═══ SUPPLIED DATA ═══

Lemma shrink_dist_osc_seq n (O : 'I_n -> set X) (T : eqType)
    (lam : T -> 'I_n -> R) (pt : T -> X) (s : seq T) (d : R) :
  0 < d -> (forall t i, `|lam t i| <= 1) ->
  (forall i, rel_open tau C (O i)) -> (forall i, O i !=set0) ->
  exists O' : 'I_n -> set X, [/\ forall i, rel_open tau C (O' i),
    forall i, O' i !=set0, forall i, O' i `<=` O i &
    forall t, t \in s -> dist_osc_le (lam t) (pt t) d O'].
Proof.
move=> d0 lam1 O_open O0; elim: s => [|t s [W [W_open W0 WO oscW]]].
  by exists O; split => // i u.
have [W' [W'_open W'0 W'W oscW']] := shrink_dist_osc (pt t) d0 (lam1 t) W_open W0.
exists W'; split => // [i u /W'W/WO //|t'].
by rewrite inE => /predU1P[-> //|t's]; exact: dist_osc_le_sub W'W (oscW _ t's).
Qed.

End Shrinking.

Section DiameterDistance.
Context {R : realType} {X : normedModType R}.

Lemma setdiam_le_setdist (A B : set X) (e : R) :
  (forall a b s z, A a -> A b -> A s -> B z -> `|a - b| <= 2 * `|z - s| + e) ->
  (setdiam A <= 2%:E * setdist B A + e%:E)%E.
Proof.
move=> ABe; apply: ge_ereal_sup => _ [a Aa [b Ab <-]].
have : (((`|a - b| - e) / 2)%:E <= setdist B A)%E.
  apply: le_ereal_inf_tmp => _ [z Bz [s As <-]].
  by rewrite lee_fin; have := ABe a b s z Aa Ab As Bz; lra.
move=> /(lee_wpmul2l (lee0n 2)) /(leeD2r e%:E); apply: le_trans.
by rewrite -EFinM -EFinD lee_fin; lra.
Qed.

Lemma dist_le_through (a a' b b' s s' z : X) (e d : R) :
  `|a - a'| <= e -> `|b - b'| <= e -> `|s - s'| <= e ->
  `|a' - z| <= `|s' - z| + d -> `|b' - z| <= `|s' - z| + d ->
  `|a - b| <= 2 * `|z - s| + (4 * e + 2 * d).
Proof.
have := ler_distD a' a b; have := ler_distD z a' b; have := ler_distD b' z b.
have := ler_distD s s' z.
rewrite (distrC z b') (distrC b' b) (distrC s' s) (distrC s z); lra.
Qed.

End DiameterDistance.

Lemma exists_nat_div_le (R : realType) (c e : R) :
  0 < e -> exists N, (0 < N)%N /\ c / N%:R <= e.
Proof.
move=> e0; exists (Num.truncn (c / e)).+1; split => //.
rewrite ler_pdivrMr ?ltr0n // mulrC; apply/ltW.
by rewrite -ltr_pdivrMr // truncnS_gt.
Qed.

Lemma simplex_grid_approx (R : realType) n N (l : 'I_n -> R) :
  simplexS l -> (0 < N)%N ->
  exists m : {ffun 'I_n -> 'I_N.+1}, forall i, `|l i - (m i)%:R / N%:R| <= N%:R^-1.
Proof.
move=> [l0 l_sum] N0; have N0' : 0 < N%:R :> R by rewrite ltr0n.
have l1 i : l i <= 1 by rewrite -l_sum (bigD1 i) //= lerDl sumr_ge0.
have trunc_lt i : (Num.truncn (l i * N%:R) < N.+1)%N.
  rewrite ltnS -(ler_nat R) (le_trans _ (_ : l i * N%:R <= N%:R)) //.
    by rewrite truncn_le mulr_ge0.
  by rewrite ler_piMl.
exists [ffun i => Ordinal (trunc_lt i)] => i; rewrite ffunE /=.
have /andP[_ hi] := truncn_itv (mulr_ge0 (l0 i) (ler0n R N)).
have -> : l i - (Num.truncn (l i * N%:R))%:R / N%:R
          = (l i * N%:R - (Num.truncn (l i * N%:R))%:R) / N%:R.
  by rewrite mulrBl mulfK ?gt_eqF.
rewrite normrM ger0_norm ?subr_ge0 ?truncn_le ?mulr_ge0 // ger0_norm ?invr_ge0 //.
rewrite -[X in _ <= X]mul1r ler_pM2r ?invr_gt0 //.
by move: hi; rewrite -natr1; lra.
Qed.

Theorem lemma2p5 (R : realType) (X : completeNormedModType R)
  (D : set X) (tau : set (set X)) (C : set X) (eps : R) (n k : nat)
  (x : 'I_k -> X) (Ot : 'I_n -> set X) :
  closed D -> nbounded D -> cvx D ->
  topology_on D tau -> loc_convex_top tau -> contains_rel_weak D tau ->
  C `<=` D -> cvx C -> 0 < eps ->
  (forall i, rel_open tau C (Ot i) /\ Ot i !=set0) ->
  exists O : 'I_n -> set X,
    [/\ (forall i, rel_open tau C (O i)), (forall i, O i !=set0),
        (forall i, O i `<=` Ot i) &
        (forall l : 'I_n -> R, simplexS l ->
           (setdiam (minksum l O) <= 2%:E * setdist (range x) (minksum l O) + eps%:E)%E)].
Proof.
move=> _ [M DM] _ tau_top _ tau_weak CD _ eps0 Ot_open.
have [N [N0 NM]] := exists_nat_div_le (n%:R * M) (divr_gt0 eps0 (ltr0n R 8)).
pose T := ({ffun 'I_n -> 'I_N.+1} * 'I_k)%type.
pose grid (t : T) i := (t.1 i)%:R / N%:R : R.
have grid1 t i : `|grid t i| <= 1.
  by rewrite ger0_norm ?divr_ge0 // ler_pdivrMr ?ltr0n // mul1r ler_nat -ltnS.
have [W [W_open W0 WOt osc]] := shrink_dist_osc_seq tau_top tau_weak CD DM
  (fun t => x t.2) (enum (@predT T)) (divr_gt0 eps0 (ltr0n R 4)) grid1
  (fun i => (Ot_open i).1) (fun i => (Ot_open i).2).
exists W; split => // l lS.
have WM i u : W i u -> `|u| <= M by exact: (rel_open_norm_le CD DM (W_open i)).
have [m lm] := simplex_grid_approx lS N0.
apply: setdiam_le_setdist => a b s _ Wa Wb Ws [j _ <-].
have [a' Wa' aa'] := minksum_perturb lm WM Wa.
have [b' Wb' bb'] := minksum_perturb lm WM Wb.
have [s' Ws' ss'] := minksum_perturb lm WM Ws.
have osc_mj := osc (m, j) (mem_enum _ _).
have := dist_le_through aa' bb' ss' (osc_mj _ _ Wa' Ws') (osc_mj _ _ Wb' Ws').
move: NM; have -> : n%:R * N%:R^-1 * M = n%:R * M / N%:R by ring.
lra.
Qed.
(** [Ex V f h] integrates [f] over the coordinates in [V], those outside [V]
    being frozen at their values in [h]. *)
Fixpoint Ex (V : list X) (f : (X -> nat) -> R) (h : X -> nat) : R :=
  match V with
  | [] => f h
  | u :: V' => sumR (map (fun a => q u a * Ex V' f (upd h u a)) (seq 0 (S M)))
  end.

Lemma Ex_ext (V : list X) (f1 f2 : (X -> nat) -> R) (h : X -> nat) :
  (forall g, f1 g = f2 g) -> Ex V f1 h = Ex V f2 h.
Proof. intros H. replace f1 with f2; auto. apply functional_extensionality; auto. Qed.

Lemma Ex_const (V : list X) (c : R) (h : X -> nat) : Ex V (fun _ => c) h = c.
Proof.
  revert h. induction V as [|u V IH]; intros h; cbn [Ex]; auto.
  rewrite (sumR_map_ext _ _ (fun a => c * q u a)) by (intros; rewrite IH; ring).
  rewrite sumR_map_scal, q_sum. ring.
Qed.

Lemma Ex_plus (V : list X) (f1 f2 : (X -> nat) -> R) (h : X -> nat) :
  Ex V (fun g => f1 g + f2 g) h = Ex V f1 h + Ex V f2 h.
Proof.
  revert h. induction V as [|u V IH]; intros h; cbn [Ex]; auto.
  rewrite <- sumR_map_plus. apply sumR_map_ext. intros a _. rewrite IH. ring.
Qed.

Lemma Ex_scal (V : list X) (c : R) (f : (X -> nat) -> R) (h : X -> nat) :
  Ex V (fun g => c * f g) h = c * Ex V f h.
Proof.
  revert h. induction V as [|u V IH]; intros h; cbn [Ex]; auto.
  rewrite <- sumR_map_scal. apply sumR_map_ext. intros a _. rewrite IH. ring.
Qed.

Lemma Ex_sum {I : Type} (V : list X) (l : list I) (f : I -> (X -> nat) -> R) (h : X -> nat) :
  Ex V (fun g => sumR (map (fun i => f i g) l)) h = sumR (map (fun i => Ex V (f i) h) l).
Proof.
  induction l as [|i l IH]; cbn [map sumR fold_right].
  - apply Ex_const.
  - rewrite Ex_plus. unfold sumR in IH. rewrite IH. reflexivity.
Qed.

Lemma Ex_mono (V : list X) (f1 f2 : (X -> nat) -> R) (h : X -> nat) :
  (forall g, f1 g <= f2 g) -> Ex V f1 h <= Ex V f2 h.
Proof.
  revert h. induction V as [|u V IH]; intros h Hf; cbn [Ex]; auto.
  apply sumR_map_le. intros a _. apply Rmult_le_compat_l; auto.
Qed.

Lemma Ex_nonneg (V : list X) (f : (X -> nat) -> R) (h : X -> nat) :
  (forall g, 0 <= f g) -> 0 <= Ex V f h.
Proof. intros Hf. rewrite <- (Ex_const V 0 h). apply Ex_mono; auto. Qed.

Lemma Ex_app (V1 V2 : list X) (f : (X -> nat) -> R) (h : X -> nat) :
  Ex (V1 ++ V2) f h = Ex V1 (fun g => Ex V2 f g) h.
Proof.
  revert h. induction V1 as [|u V IH]; intros h; cbn [Ex]; auto.
  apply sumR_map_ext. intros. rewrite IH. auto.
Qed.

Lemma Ex_upd_notin (V : list X) (f : (X -> nat) -> R) (h : X -> nat) (u : X) (a : nat) :
  ~ In u V -> Ex V f (upd h u a) = Ex V (fun g => f (upd g u a)) h.
Proof.
  revert h. induction V as [|x V IH]; intros h Hu; cbn [Ex]; auto.
  apply sumR_map_ext. intros b _.
  rewrite upd_comm by (intros ->; apply Hu; simpl; auto).
  rewrite IH; auto. intro; apply Hu; simpl; auto.
Qed.

Lemma ignores_Ex (V W : list X) (f : (X -> nat) -> R) :
  (forall x, In x W -> ~ In x V) -> ignores f W -> ignores (Ex V f) W.
Proof.
  intros Hd Hf g x a Hx. rewrite Ex_upd_notin by auto.
  apply Ex_ext. intro g'. apply Hf, Hx.
Qed.

Lemma Ex_ignores_mul (V : list X) (c f : (X -> nat) -> R) (h : X -> nat) :
  ignores c V -> Ex V (fun g => c g * f g) h = c h * Ex V f h.
Proof.
  revert h. induction V as [|u V IH]; intros h Hc; cbn [Ex]; auto.
  rewrite <- sumR_map_scal. apply sumR_map_ext. intros a _.
  rewrite IH by (eapply ignores_incl; eauto; intros x Hx; simpl; auto).
  rewrite (Hc h u a) by (simpl; auto). ring.
Qed.

Lemma Ex_mul_disjoint (V1 V2 : list X) (f1 f2 : (X -> nat) -> R) (h : X -> nat) :
  (forall x, In x V1 -> ~ In x V2) -> ignores f1 V2 -> ignores f2 V1 ->
  Ex (V1 ++ V2) (fun g => f1 g * f2 g) h = Ex V1 f1 h * Ex V2 f2 h.
Proof.
  intros Hd H1 H2. rewrite Ex_app.
  rewrite (Ex_ext V1 _ (fun g => Ex V2 f2 g * f1 g)).
  - rewrite Ex_ignores_mul; [ring|]. apply ignores_Ex; auto.
  - intros g. rewrite Ex_ignores_mul; auto. ring.
Qed.

Lemma Ex_prodR_disjoint {I : Type} (K : list I) (Vf : I -> list X) (f : I -> (X -> nat) -> R)
    (h : X -> nat) :
  NoDup K ->
  (forall i j, In i K -> In j K -> i <> j -> forall x, In x (Vf i) -> ~ In x (Vf j)) ->
  (forall i j, In i K -> In j K -> i <> j -> ignores (f i) (Vf j)) ->
  Ex (concat (map Vf K)) (fun g => prodR (map (fun i => f i g) K)) h
  = prodR (map (fun i => Ex (Vf i) (f i) h) K).
Proof.
  induction K as [|i K IH]; intros HN Hd Hi; [reflexivity|].
  inversion HN as [|? ? HiK HN']; subst.
  cbn [map concat]. change (prodR (?a :: ?l)) with (a * prodR l).
  rewrite (Ex_mul_disjoint (Vf i) (concat (map Vf K)) (f i) (fun g => prodR (map (fun i => f i g) K))).
  - rewrite IH; auto; intros i0 j H1 H2 H3; [apply Hd | apply Hi]; simpl; auto.
  - intros x Hx Hc. apply in_concat in Hc. destruct Hc as [l [Hl Hxl]].
    apply in_map_iff in Hl. destruct Hl as [j [<- Hj]].
    apply (Hd i j (or_introl eq_refl) (or_intror Hj) ltac:(intros ->; contradiction) x); auto.
  - intros g x a Hx. apply in_concat in Hx. destruct Hx as [l [Hl Hxl]].
    apply in_map_iff in Hl. destruct Hl as [j [<- Hj]].
    apply (Hi i j); simpl; auto. intros ->; contradiction.
  - apply ignores_prodR. intros j Hj. apply Hi; simpl; auto. intros ->; contradiction.
Qed.
(* Let $(\Omega,\mathcal{F},P)$ be a probability space with a filtration $(\mathcal{G}_t)_{t\in[0,1]}$, $\mathcal{G}_t\subset\mathcal{F}$, and let $1<\beta<\infty$. Let $\phi:\Omega\to L^\beta=L^\beta([0,1],\mathcal{B}([0,1]),\mathrm{Leb})$ be measurable (for the Borel $\sigma$-field of the weak topology) and such that $\sigma(\phi1_{[0,t]})\subset\mathcal{G}_t$ for all $t\in[0,1]$. Then there exists $\bar\phi:\Omega\times[0,1]\to\mathbb{R}$ with $\bar\phi(\omega,t)=\phi(\omega)(t)$ for $P\otimes\mathrm{Leb}$-almost every $(\omega,t)$, such that $\bar\phi$ is progressively measurable with respect to $(\mathcal{G}_t)_{t\in[0,1]}$. *)

From HB Require Import structures.
From mathcomp Require Import all_boot all_order all_algebra.
From mathcomp Require Import all_classical all_reals all_analysis.
Set Implicit Arguments. Unset Strict Implicit. Unset Printing Implicit Defensive.
Import Order.TTheory GRing.Theory Num.Theory.
Local Open Scope classical_set_scope.
Local Open Scope ring_scope.

Section Defs.
Context {R : realType}.

(* f (a concrete representative) is an element of L^p([0,1], Borel, Leb) *)
Definition I01 : set R := `[(0:R), 1]%classic.

Definition Lp01 (p : R) (f : R -> R) : Prop :=
  measurable_fun `[(0:R), 1]%classic f /\
  (\int[@lebesgue_measure R]_(x in I01) ((`|f x| `^ p)%:E) < +oo)%E.

Definition pair01 (f g : R -> R) : R :=
  Rintegral (@lebesgue_measure R) `[(0:R), 1]%classic (fun x => f x * g x).

Definition conj_exp (p : R) : R := p / (p - 1).
(* A 312-pattern of [rcons p x] lies in [p], lies in [behead (rcons p x)], or
   uses both the first and the last entry. *)
Lemma avoids312_rcons p x : avoids312 p -> avoids312 (behead (rcons p x)) ->
  (forall j, 0 < j < size p -> ~~ ((nth 0 p j < x) && (x < nth 0 p 0))) ->
  avoids312 (rcons p x).
Proof.
move=> /avoids312P hp /avoids312P hb hx; apply/avoids312P => i j k ij jk.
rewrite size_rcons ltnS leq_eqVlt => /orP [/eqP ek|kp]; last first.
  by rewrite !nth_rcons kp !(ltn_trans _ kp) ?(ltn_trans ij) //; apply: hp.
case: i ij => [|i] ij.
  have jp : j < size p by rewrite -ek.
  by rewrite !nth_rcons ek ltnn eqxx jp (leq_ltn_trans _ jp) //; apply: hx; lia.
have [j0 k0] : 0 < j /\ 0 < k by lia.
have := hb i j.-1 k.-1; rewrite size_behead size_rcons /= !nth_behead !prednK //.
by apply; lia.
Qed.

Lemma mem_S312 N s : (s \in S312 N) = perm_eq s (iota 1 N) && avoids312 s.
Proof. by rewrite /S312 mem_filter /perms mem_permutations andbC. Qed.

Lemma S312_uniq N : uniq (S312 N).
Proof. by rewrite filter_uniq // permutations_uniq. Qed.

Lemma edge_tail_extend t v : edge_tail (extend t v) = standardize t.
Proof.
rewrite /edge_tail size_extend /= /extend -cats1 take_size_cat ?size_map //.
exact/standardize_same_pattern/same_pattern_map_shift.
Qed.

Lemma edge_head_extend a t v :
  edge_head (extend (a :: t) v) = extend (standardize t) (count (fun y => y < v) t).+1.
Proof. by rewrite /edge_head /extend /= -/(extend t v) standardize_extend. Qed.

Lemma edge_tail_S312 N s : s \in S312 N.+1 -> edge_tail s \in S312 N.
Proof.
rewrite !mem_S312 => /andP [p av].
have u : uniq (take N s) by apply/take_uniq/(perm_iota_uniq p).
rewrite /edge_tail (perm_iota_size p) /= avoids312_standardize ?avoids312_take //.
by have := perm_standardize u; rewrite size_take (perm_iota_size p) ltnSn => ->.
Qed.

Lemma edge_head_tail N s : s \in S312 N.+1 ->
  edge_head (edge_tail s) = edge_tail (edge_head s).
Proof.
rewrite mem_S312 => /andP [p _]; have us := perm_iota_uniq p.
have sz := perm_iota_size p.
rewrite /edge_head /edge_tail sz /= standardize_behead_standardize ?take_uniq //.
rewrite size_standardize size_behead sz /= standardize_take_standardize.
  by case: s us {sz p} => [|x s] _ //; case: N => [|N] /=; rewrite ?take0.
by case: s us {sz p} => //= x s /andP [].
Qed.

(** * Lifting an edge along a walk *)

Lemma size_extend_perm a t v N : perm_eq (extend (a :: t) v) (iota 1 N.+2) ->
  size t = N.
Proof. by move/perm_iota_size; rewrite size_extend => -[]. Qed.

Lemma extend_interior_index a t v N x :
  perm_eq (extend (a :: t) v) (iota 1 N.+2) -> 0 < x <= N.+2 ->
  x != shift v a -> x != v ->
  exists2 j, 0 < j < N.+1 & nth 0 (extend (a :: t) v) j = x.
Proof.
move=> p xN xa xv; have st := size_extend_perm p.
have : x \in extend (a :: t) v by rewrite (perm_iota_mem _ p).
move/(nthP 0) => [j]; rewrite size_extend /= st => jN sj; exists j => //.
have j0 : j != 0.
  by apply/eqP => j0; move: xa; rewrite -sj j0 nth_extend //= eqxx.
have jN1 : j != N.+1.
  by apply/eqP => jN1; move: xv; rewrite -sj jN1 -st (nth_extend_last (a :: t)) eqxx.
by rewrite lt0n j0 ltn_neqAle jN1 -ltnS.
Qed.

(* Otherwise [(a + 1, 1, v)] is a 312-pattern. *)
Lemma avoids312_extend_last a t v N :
  perm_eq (extend (a :: t) v) (iota 1 N.+2) -> avoids312 (extend (a :: t) v) ->
  (a < v) || (v == 1).
Proof.
move=> p /avoids312P h; have st := size_extend_perm p.
have /andP [v0 _] : 0 < v <= N.+2.
  by rewrite -(perm_iota_mem _ p) mem_rcons mem_head.
rewrite orbC eq_sym; case: eqP => //= /eqP v1; rewrite ltnNge; apply/negP => va.
have s0 : shift v a = a.+1 by rewrite /shift va addn1.
have ne1a : 1 != shift v a by rewrite s0 eqSS eq_sym -lt0n (leq_trans v0 va).
have [j /andP [j0 jN] sj] := extend_interior_index (x := 1) p isT ne1a (v1 : 1 != v).
have ks : N.+1 < size (extend (a :: t) v) by rewrite size_extend /= st.
have := h 0 j N.+1 j0 jN ks.
by rewrite sj -st (nth_extend_last (a :: t)) nth_extend // s0; lia.
Qed.

(* Otherwise the entries [1] and [w + 1] of [extend (a :: t) w] lie strictly
   inside it and form a 312-pattern with its last entry [w] or its first entry
   [a + 1], according to their order. *)
Lemma avoids312_extend_le a t w N :
  perm_eq (a :: t) (iota 1 N.+1) -> avoids312 (a :: t) ->
  avoids312 (behead (extend (a :: t) w)) -> 1 < w <= N.+1 -> a <= w.
Proof.
move=> p /avoids312P hp /avoids312P hb /andP [w1 wN].
rewrite leqNgt; apply/negP => wa.
have pe : perm_eq (extend (a :: t) w) (iota 1 N.+2) by apply: perm_extend p _; lia.
have st := size_extend_perm pe.
have sat : size (a :: t) = N.+1 by rewrite /= st.
have s0 : shift w a = a.+1 by rewrite /shift (ltnW wa) addn1.
have sN : nth 0 (extend (a :: t) w) N.+1 = w by rewrite -st (nth_extend_last (a :: t)).
have s_nth i : i < N.+1 -> nth 0 (extend (a :: t) w) i = shift w (nth 0 (a :: t) i).
  by move=> iN; rewrite nth_extend ?sat.
have [j /andP [j0 jN] sj] : exists2 j, 0 < j < N.+1 & nth 0 (extend (a :: t) w) j = w.+1.
  by apply: extend_interior_index pe _ _ _; rewrite ?s0; lia.
have [k /andP [k0 kN] sk] : exists2 k, 0 < k < N.+1 & nth 0 (extend (a :: t) w) k = 1.
  by apply: extend_interior_index pe _ _ _; rewrite ?s0; lia.
case: (ltngtP j k) => jk.
- have ks : N < size (behead (extend (a :: t) w)) by rewrite size_behead size_extend sat.
  have := hb j.-1 k.-1 N; rewrite !nth_behead !prednK // sj sk sN.
  by move=> /(_ _ _ ks); lia.
- have := hp 0 k j k0 jk; rewrite sat => /(_ jN) /=.
  rewrite -(ltn_shift w (nth 0 _ k)) -(ltn_shift w (nth 0 _ j)) -!s_nth ?(ltn_trans jk) //.
  by rewrite sj sk s0; lia.
- by move: sj; rewrite jk sk; lia.
Qed.

Definition lift_edges N (sigma tau : seq nat) : seq (seq nat) :=
  [seq s <- S312 N.+2 | (edge_tail s == sigma) && (edge_head s == tau)].

Definition lift_values (a w : nat) : seq nat :=
  (if a <= w then [:: w.+1] else [::]) ++ (if w == 1 then [:: 1] else [::]).

Lemma mem_lift_values a w v : 0 < a ->
  (v \in lift_values a w) = ((v.-1 - (a < v)).+1 == w) && ((a < v) || (v == 1)).
Proof.
move=> a0; rewrite /lift_values mem_cat.
by case: (ltnP a v) => av; do 2 case: ifP; rewrite ?inE ?in_nil /= => ? ?; lia.
Qed.

Lemma lift_values_uniq a w : uniq (lift_values a w).
Proof. by rewrite /lift_values; case: ifP; case: ifP => //= /eqP ->. Qed.

(* These two marks of the edges of a walk determine its number of lifts. *)
Definition end_flags (s : seq nat) : bool * bool := (head 0 s == 1, last 0 s == 1).

Definition lift_flags (p : bool * bool) : seq (bool * bool) :=
  if p.1 && p.2 then [:: (true, false); (false, true)] else [:: p].

Lemma end_flags_extend a t v : end_flags (extend (a :: t) v) = (shift v a == 1, v == 1).
Proof. by rewrite /end_flags last_extend. Qed.

Section LiftEdge.

Variables (N a : nat) (t tau : seq nat).
Hypothesis sigma_S312 : a :: t \in S312 N.+1.
Hypothesis tau_S312 : tau \in S312 N.+1.
Hypothesis head_tail : edge_head (a :: t) = edge_tail tau.

Let w := last 0 tau.

Let sigma_perm : perm_eq (a :: t) (iota 1 N.+1).
Proof. by move: sigma_S312; rewrite mem_S312 => /andP []. Qed.

Let tau_perm : perm_eq tau (iota 1 N.+1).
Proof. by move: tau_S312; rewrite mem_S312 => /andP []. Qed.

Let sigma_avoids : avoids312 (a :: t).
Proof. by move: sigma_S312; rewrite mem_S312 => /andP []. Qed.

Let tau_avoids : avoids312 tau.
Proof. by move: tau_S312; rewrite mem_S312 => /andP []. Qed.

Let a_range : 0 < a <= N.+1.
Proof. by rewrite -(perm_iota_mem _ sigma_perm) mem_head. Qed.

Let w_range : 0 < w <= N.+1.
Proof.
rewrite -(perm_iota_mem _ tau_perm) /w.
by case: tau (perm_iota_size tau_perm) => // x s _; apply: mem_last.
Qed.

Lemma tau_extend : tau = extend (standardize t) w.
Proof.
rewrite {1}(extend_standardize_take tau_perm); congr extend.
by move: head_tail; rewrite /edge_head /edge_tail (perm_iota_size tau_perm) => ->.
Qed.

Lemma count_lt_tail v : 0 < v <= N.+2 -> count (fun y => y < v) t = v.-1 - (a < v).
Proof. by move=> hv; have := count_lt_perm_iota sigma_perm hv; rewrite /=; lia. Qed.

Lemma edge_head_extendE v : 0 < v <= N.+2 ->
  (edge_head (extend (a :: t) v) == tau) = ((v.-1 - (a < v)).+1 == w).
Proof. by move=> hv; rewrite edge_head_extend tau_extend eq_extend count_lt_tail. Qed.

═══

• ASSIGNMENT:
Could you filter the material above and copy each line that holds the word "realType"?

• OUTPUT FOR THIS EXERCISE:
Context {R : realType} {X : normedModType R}.
Lemma exists_nat_div_le (R : realType) (c e : R) :
Lemma simplex_grid_approx (R : realType) n N (l : 'I_n -> R) :
Theorem lemma2p5 (R : realType) (X : completeNormedModType R)
Context {R : realType}.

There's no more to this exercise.